● **Supplied material**
= = = = = = =

(* Let $S$ be a nonabelian finite simple group, $I$ a set, and $G=S^I$ (the Cartesian product). Then every finite quotient of $G$ by an abstract normal subgroup of finite index is semisimple, i.e. is a direct product of finitely many nonabelian finite simple groups. *)

From mathcomp Require Import all_boot all_order all_algebra all_fingroup all_solvable.
Set Implicit Arguments. Unset Strict Implicit. Unset Printing Implicit Defensive.
Import GroupScope.

(* The (unrestricted) Cartesian power S^I of the finite group S = [set: gT],
   represented by the type I -> gT with pointwise multiplication.  I is an
   arbitrary (possibly infinite) type, so S^I is an abstract group, not a
   finGroupType. *)
Definition cart_mul (I : Type) (gT : finGroupType) (x y : I -> gT) : I -> gT :=
  fun i => x i * y i.

Definition cart_hom (I : Type) (gT H : finGroupType) (f : (I -> gT) -> H) : Prop :=
  forall x y : I -> gT, f (cart_mul x y) = f x * f y.

Definition semisimple_fg (H : finGroupType) (G : {set H}) : Prop :=
  exists n : nat, exists A : 'I_n -> {group H},
    (forall i, simple (A i) /\ ~~ abelian (A i)) /\
    \big[dprod/1]_(i < n) (A i : {set H}) = G.

(* Let g : S^I -> H be a homomorphism onto a finite group.  For A ⊆ I, the
   restrictions of g to elements supported on A and on its complement have
   commuting images whose product is im g.  As S is perfect with a bounded
   commutator width, a homomorphism from S^I with abelian image is trivial;
   hence if both restrictions are nontrivial, both images are proper and we
   conclude by induction on |im g|, a product of commuting semisimple subgroups
   being semisimple.  Otherwise g is determined by its values on the constant
   functions (split I into the finitely many fibres of x), so im g is a
   nontrivial quotient of the simple group S, i.e. isomorphic to S. *)

From mathcomp Require Import all_boot all_order all_algebra all_fingroup all_solvable.
From mathcomp Require Import boolp.
Set Implicit Arguments. Unset Strict Implicit. Unset Printing Implicit Defensive.
Import GroupScope.

Section CartesianPower.
Variables (I : Type) (gT : finGroupType).
Implicit Types (x y z : I -> gT) (A B : I -> bool).

Definition cart_one : I -> gT := fun _ => 1.
Definition cart_inv x : I -> gT := fun i => (x i)^-1.
Definition restr A x : I -> gT := fun i => if A i then x i else 1.
Definition compl A : I -> bool := fun i => ~~ A i.

Lemma complK A : compl (compl A) = A.
Proof. by apply: funext => i; rewrite /compl negbK. Qed.

Lemma restr_split A x : x = cart_mul (restr A x) (restr (compl A) x).
Proof.
by apply: funext => i; rewrite /cart_mul /restr /compl; case: (A i); rewrite ?mulg1 ?mul1g.
Qed.

Variable H : finGroupType.
Implicit Type g : (I -> gT) -> H.

Definition cart_im g : {set H} := [set h | `[< exists x, g x = h >]].

Lemma cart_imP g h : reflect (exists x, g x = h) (h \in cart_im g).
Proof. by rewrite inE; apply: asboolP. Qed.

Lemma mem_cart_im g x : g x \in cart_im g.
Proof. by apply/cart_imP; exists x. Qed.

Lemma cart_im_restr_sub g A : cart_im (fun x => g (restr A x)) \subset cart_im g.
Proof. by apply/subsetP => _ /cart_imP [x <-]; apply: mem_cart_im. Qed.

Definition null g A : Prop := forall x, g (restr A x) = 1.

Section Hom.
Variables (g : (I -> gT) -> H) (Hg : cart_hom g).

Lemma cart_hom1 : g cart_one = 1.
Proof.
have := Hg cart_one cart_one.
have -> : cart_mul cart_one cart_one = cart_one by apply: funext => i; apply: mulg1.
by move/(congr1 (mulg (g cart_one)^-1)); rewrite mulKg mulVg => <-.
Qed.

Lemma cart_homV x : g (cart_inv x) = (g x)^-1.
Proof.
apply: (mulIg (g x)); rewrite mulVg -Hg -cart_hom1; congr g.
by apply: funext => i; apply: mulVg.
Qed.

Lemma cart_hom_commg y z : g (fun i => [~ y i, z i]) = [~ g y, g z].
Proof.
have -> : (fun i => [~ y i, z i]) =
          cart_mul (cart_inv y) (cart_mul (cart_inv z) (cart_mul y z)).
  by apply: funext => i; rewrite /cart_mul /cart_inv commgEl conjgE !mulgA.
by rewrite !Hg !cart_homV commgEl conjgE !mulgA.
Qed.

Lemma cart_hom_prod n (F : I -> 'I_n -> gT) :
  g (fun i => \prod_(k < n) F i k) = \prod_(k < n) g (fun i => F i k).
Proof.
elim: n F => [|n IHn] F.
  rewrite big_ord0 -cart_hom1; congr g; apply: funext => i; exact: big_ord0.
rewrite big_ord_recr /= -(IHn (fun i k => F i (widen_ord _ k))) -Hg; congr g.
by apply: funext => i; rewrite big_ord_recr.
Qed.

Lemma cart_im_group : group_set (cart_im g).
Proof.
apply/group_setP; split; first by rewrite -cart_hom1 mem_cart_im.
by move=> _ _ /cart_imP [x <-] /cart_imP [y <-]; rewrite -Hg mem_cart_im.
Qed.

Lemma cart_hom_restr A : cart_hom (fun x => g (restr A x)).
Proof.
move=> y z; rewrite -Hg; congr g; apply: funext => i.
by rewrite /restr /cart_mul; case: (A i); rewrite ?mulg1.
Qed.

Lemma commute_restr_compl A y z : commute (g (restr A y)) (g (restr (compl A) z)).
Proof.
rewrite /commute -!Hg; congr g; apply: funext => i.
by rewrite /restr /cart_mul /compl; case: (A i); rewrite ?mulg1 ?mul1g.
Qed.

Lemma cart_im_restr_mul A :
  cart_im g = cart_im (fun x => g (restr A x)) * cart_im (fun x => g (restr (compl A) x)).
Proof.
apply/eqP; rewrite eqEsubset; apply/andP; split; apply/subsetP.
  by move=> _ /cart_imP [x <-]; rewrite (restr_split A x) Hg mem_mulg ?mem_cart_im.
by move=> _ /mulsgP [_ _ /cart_imP [y <-] /cart_imP [z <-] ->]; rewrite -Hg mem_cart_im.
Qed.

Lemma cart_im_restr_cent A :
  cart_im (fun x => g (restr (compl A) x)) \subset 'C(cart_im (fun x => g (restr A x))).
Proof.
apply/centsP => _ /cart_imP [z <-] _ /cart_imP [y <-].
exact: esym (commute_restr_compl A y z).
Qed.

Lemma null_compl_restr A x : null g (compl A) -> g x = g (restr A x).
Proof. by move=> nA; rewrite {1}(restr_split A x) Hg nA mulg1. Qed.

Lemma null_or A B : null g A -> null g B -> null g (fun i => A i || B i).
Proof.
move=> nA nB x.
have -> : restr (fun i => A i || B i) x = cart_mul (restr A x) (restr B (restr (compl A) x)).
  apply: funext => i; rewrite /restr /cart_mul /compl.
  by case: (A i); case: (B i); rewrite /= ?mulg1 ?mul1g.
by rewrite Hg nA nB mulg1.
Qed.

Lemma null_fibers x (L : seq gT) :
  (forall s, null g (fun i => x i == s)) -> null g (fun i => x i \in L).
Proof.
move=> nfib; elim: L => [|s L IHL] y.
  rewrite -cart_hom1; congr g; apply: funext => i; by rewrite /restr in_nil.
have -> : (fun i => x i \in s :: L) = (fun i => (x i == s) || (x i \in L)).
  by apply: funext => i; rewrite in_cons.
exact: null_or.
Qed.

Lemma cart_hom_trivial_of_null_fibers x :
  (forall s, null g (fun i => x i == s)) -> forall y, g y = 1.
Proof.
move=> /(null_fibers (enum gT)) nall y; rewrite -(nall y); congr g.
by apply: funext => i; rewrite /restr mem_enum.
Qed.

End Hom.
End CartesianPower.

Section Perfect.
Variable gT : finGroupType.

Lemma simple_nonabelian_perfect (G : {group gT}) :
  simple G -> ~~ abelian G -> [~: G, G] = G.
Proof.
case/simpleP=> [_ simG] nabG; have [e|e] := simG _ (der_normal 1 G).
  by move: nabG; rewrite (sameP derG1P eqP) -(inj_eq val_inj) /= e eqxx.
by rewrite -derg1 e.
Qed.

Lemma commutator_product (G : {group gT}) s : [~: G, G] = G ->
  exists u : nat * (nat -> gT * gT),
    s \in G -> s = \prod_(k < u.1) [~ (u.2 k).1, (u.2 k).2].
Proof.
move=> perfG; have [sG|] := boolP (s \in G); last by exists (0, fun _ => (1, 1)).
move: sG; rewrite -perfG => /gen_prodgP [n [c Hc ->]].
have pair k : exists p : gT * gT, c k = [~ p.1, p.2].
  by case/imset2P: (Hc k) => a b _ _ ->; exists (a, b).
have [p Hp] := fin_all_exists pair.
exists (n, fun k => if insub k is Some k' then p k' else (1, 1)) => _ /=.
by apply: eq_bigr => k _; rewrite valK Hp.
Qed.

(* The bound [N] on the commutator length, uniform over the finite group [G],
   is what lets the argument act coordinatewise on an infinite power. *)
Lemma perfect_commutator_width (G : {group gT}) : [~: G, G] = G ->
  exists N (c : gT -> nat -> gT * gT),
    forall s, s \in G -> s = \prod_(k < N) [~ (c s k).1, (c s k).2].
Proof.
move=> perfG; have [u Hu] := fin_all_exists (fun s => commutator_product s perfG).
exists (\max_s (u s).1), (fun s k => if k < (u s).1 then (u s).2 k else (1, 1)).
move=> s sG; rewrite {1}(Hu s sG) (big_ord_widen _ (fun k => [~ ((u s).2 k).1, ((u s).2 k).2])
  (@leq_bigmax _ (fun s => (u s).1) s)).
by rewrite big_mkcond; apply: eq_bigr => k _; case: ifP => //= _; rewrite comm1g.
Qed.

Lemma cart_hom_abelian_trivial (I : Type) (H : finGroupType) (g : (I -> gT) -> H) :
  [~: [set: gT], [set: gT]] = [set: gT] -> cart_hom g -> abelian (cart_im g) ->
  forall x, g x = 1.
Proof.
move=> perfT Hg abg x; have [N [c Hc]] := perfect_commutator_width perfT.
have -> : x = fun i => \prod_(k < N) [~ (c (x i) k).1, (c (x i) k).2].
  by apply: funext => i; rewrite -Hc ?inE.
rewrite cart_hom_prod //; apply: big1 => k _; rewrite cart_hom_commg //.
by apply/eqP/commgP; apply: (centsP abg); apply: mem_cart_im.
Qed.

End Perfect.

Section Semisimple.
Variable H : finGroupType.
Implicit Types K L B : {group H}.

Lemma semisimple1 : semisimple_fg (1 : {set H}).
Proof. by exists 0, (fun _ => 1%G); split; [case | rewrite big_ord0]. Qed.

Lemma semisimple_simple (G : {group H}) : simple G -> ~~ abelian G -> semisimple_fg G.
Proof. by move=> sG nG; exists 1%N, (fun _ => G); split=> //; rewrite big_ord1. Qed.

Lemma semisimple_dprod K B (G : {set H}) :
  semisimple_fg K -> simple B -> ~~ abelian B -> K \x B = G -> semisimple_fg G.
Proof.
case=> n [A [sA defK]] sB nB defG.
pose A' (i : 'I_n.+1) := if unlift ord_max i is Some j then A j else B.
exists n.+1, A'; split=> [i|]; first by rewrite /A'; case: unlift.
rewrite big_ord_recr /= /A' unlift_none -defG -defK; congr (_ \x _).
apply: eq_bigr => i _.
have -> : widen_ord (leqnSn n) i = lift ord_max i by apply: val_inj; exact: esym (lift_max i).
by rewrite liftK.
Qed.

Lemma semisimple_mul_simple K B :
  semisimple_fg K -> simple B -> ~~ abelian B -> B \subset 'C(K) ->
  semisimple_fg (K * B).
Proof.
move=> sK sB nB cKB; have [_ simB] := simpleP _ sB.
have nKB_B : (K :&: B)%G <| B.
  by rewrite /normal subsetIr normsI ?normG // (subset_trans cKB) ?cent_sub.
have [KB1|KB_B] := simB _ nKB_B.
  by apply: (semisimple_dprod sK sB nB); rewrite dprodE.
have sBK : B \subset K by rewrite -KB_B subsetIl.
by rewrite mulGSid.
Qed.

Lemma semisimple_mul K L :
  semisimple_fg K -> semisimple_fg L -> L \subset 'C(K) -> semisimple_fg (K * L).
Proof.
move=> sK [n [B [sB]]]; elim: n B L sB => [|n IHn] B L sB.
  by rewrite big_ord0 => <- _; rewrite mulg1.
rewrite big_ord_recr /= => /dprodP [[L' Bn defL' defBn] defL cL'Bn _] cKL.
rewrite defL' defBn in defL cL'Bn.
have sL'L : L' \subset L by rewrite -defL mulG_subl.
have sBnL : Bn \subset L by rewrite -defL mulG_subr.
have cKL' : L' \subset 'C(K) := subset_trans sL'L cKL.
have sKL' := IHn (fun j => B (widen_ord (leqnSn n) j)) L' (fun j => sB _) defL' cKL'.
have [simBn nabBn] := sB ord_max; rewrite defBn in simBn nabBn.
rewrite -defL mulgA -(cent_joinEr cKL').
apply: semisimple_mul_simple => //; first by rewrite /= cent_joinEr.
by rewrite centY subsetI cL'Bn (subset_trans sBnL cKL).
Qed.

End Semisimple.

Section Indecomposable.
Variables (I : Type) (gT H : finGroupType) (g : (I -> gT) -> H).
Hypotheses (simT : simple [set: gT]) (Hg : cart_hom g).
Hypothesis g_indecomposable : forall A, null g A \/ null g (compl A).
Hypothesis g_nontrivial : exists y, g y != 1.

(* Some fiber of [x] has a null complement, for otherwise every fiber is null. *)
Lemma cart_hom_indecomposable_const x : exists s : gT, g x = g (fun _ => s).
Proof.
have [s nfib] : exists s, null g (compl (fun i => x i == s)).
  apply/not_existsP => nfibs; have [y /eqP[]] := g_nontrivial.
  apply: (cart_hom_trivial_of_null_fibers (x := x) Hg) => s.
  by have [|/nfibs] := g_indecomposable (fun i => x i == s).
exists s; rewrite (null_compl_restr Hg x nfib) (null_compl_restr Hg (fun _ => s) nfib).
by congr g; apply: funext => i; rewrite /restr; case: eqP.
Qed.

Lemma cart_im_indecomposable : [set: gT] \isog cart_im g.
Proof.
pose phi s : H := g (fun _ => s).
have phiM : {in [set: gT] &, {morph phi : a b / a * b}} by move=> a b _ _; rewrite /phi -Hg.
pose m := Morphism phiM.
have im_m : m @* [set: gT] = cart_im g.
  apply/eqP; rewrite eqEsubset; apply/andP; split.
    by apply/subsetP => _ /morphimP [s _ _ ->]; apply: mem_cart_im.
  apply/subsetP => _ /cart_imP [x <-]; have [s ->] := cart_hom_indecomposable_const x.
  by apply: (mem_morphim m); rewrite inE.
have inj_m : 'injm m.
  have [_ simT'] := simpleP _ simT; have [-> //|kerT] := simT' _ (ker_normal m).
  have [y /eqP[]] := g_nontrivial; have [s ->] := cart_hom_indecomposable_const y.
  have sker : s \in 'ker m by rewrite kerT inE.
  exact: mker sker.
by rewrite -im_m sub_isog.
Qed.

End Indecomposable.

Section Main.
Variables (I : Type) (gT H : finGroupType).
Hypotheses (simT : simple [set: gT]) (nabT : ~~ abelian [set: gT]).
Implicit Type g : (I -> gT) -> H.

Let perfT : [~: [set: gT], [set: gT]] = [set: gT].
Proof. exact: (simple_nonabelian_perfect (G := [set: gT]%G)). Qed.

(* If the image of [g] restricted to [A] were everything, the commuting image
   of [g] restricted to [compl A] would be central, hence abelian, hence trivial. *)
Lemma cart_im_restr_proper g A : cart_hom g -> ~ null g (compl A) ->
  cart_im (fun x => g (restr A x)) \proper cart_im g.
Proof.
move=> Hg nnull; rewrite properEneq cart_im_restr_sub andbT; apply/eqP => imA.
apply: nnull; apply: (cart_hom_abelian_trivial perfT (cart_hom_restr Hg (compl A))).
by rewrite /abelian (subset_trans (cart_im_restr_cent Hg A)) // centS // imA cart_im_restr_sub.
Qed.

Lemma semisimple_cart_im g : cart_hom g -> semisimple_fg (cart_im g).
Proof.
have [n] := ubnP #|cart_im g|; elim: n g => // n IHn g ltGn Hg.
have IHrestr A : ~ null g (compl A) -> semisimple_fg (cart_im (fun x => g (restr A x))).
  move=> ncA; apply: IHn (cart_hom_restr Hg A).
  exact: leq_trans (proper_card (cart_im_restr_proper Hg ncA)) (ltnSE ltGn).
have [[A [nA ncA]]|indec] := pselect (exists A, ~ null g A /\ ~ null g (compl A)).
  have HgA := cart_hom_restr Hg A; have HgAc := cart_hom_restr Hg (compl A).
  rewrite (cart_im_restr_mul Hg A).
  apply: (semisimple_mul (K := Group (cart_im_group HgA)) (L := Group (cart_im_group HgAc))).
  - exact: IHrestr.
  - by apply: IHrestr; rewrite complK.
  - exact: cart_im_restr_cent.
have {}indec A : null g A \/ null g (compl A).
  by apply: contrapT => /not_orP [nA ncA]; apply: indec; exists A.
pose G := Group (cart_im_group Hg); rewrite -[cart_im g]/(gval G).
have [[y nty]|triv] := pselect (exists y, g y != 1).
  have isoT : [set: gT]%G \isog G := cart_im_indecomposable simT Hg indec (ex_intro _ y nty).
  by apply: semisimple_simple; [rewrite -(isog_simple isoT) | rewrite -(isog_abelian isoT)].
suff -> : gval G = 1 by apply: semisimple1.
apply/trivgP/subsetP => _ /cart_imP [x <-]; rewrite inE.
by apply: contra_notT triv => ntx; exists x.
Qed.

End Main.

Theorem mainTheorem9 (gT : finGroupType) (I : Type)
  (HS : simple [set: gT]) (HnA : ~~ abelian [set: gT])
  (H : finGroupType) (f : (I -> gT) -> H)
  (Hf : cart_hom f) (Hsurj : forall h : H, exists x : I -> gT, f x = h) :
  semisimple_fg [set: H].
Proof.
have -> : [set: H] = cart_im f by apply/setP => h; rewrite inE; apply/esym/cart_imP.
exact: semisimple_cart_im.
Qed.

= = = = = = =

Once you find the line with "Implicit Types (x" above, print it and every line after it up to and including the line with "Proof. by apply: funext", exactly as written and nothing else.

● **Output below**
Implicit Types (x y z : I -> gT) (A B : I -> bool).

Definition cart_one : I -> gT := fun _ => 1.
Definition cart_inv x : I -> gT := fun i => (x i)^-1.
Definition restr A x : I -> gT := fun i => if A i then x i else 1.
Definition compl A : I -> bool := fun i => ~~ A i.

Lemma complK A : compl (compl A) = A.
Proof. by apply: funext => i; rewrite /compl negbK. Qed.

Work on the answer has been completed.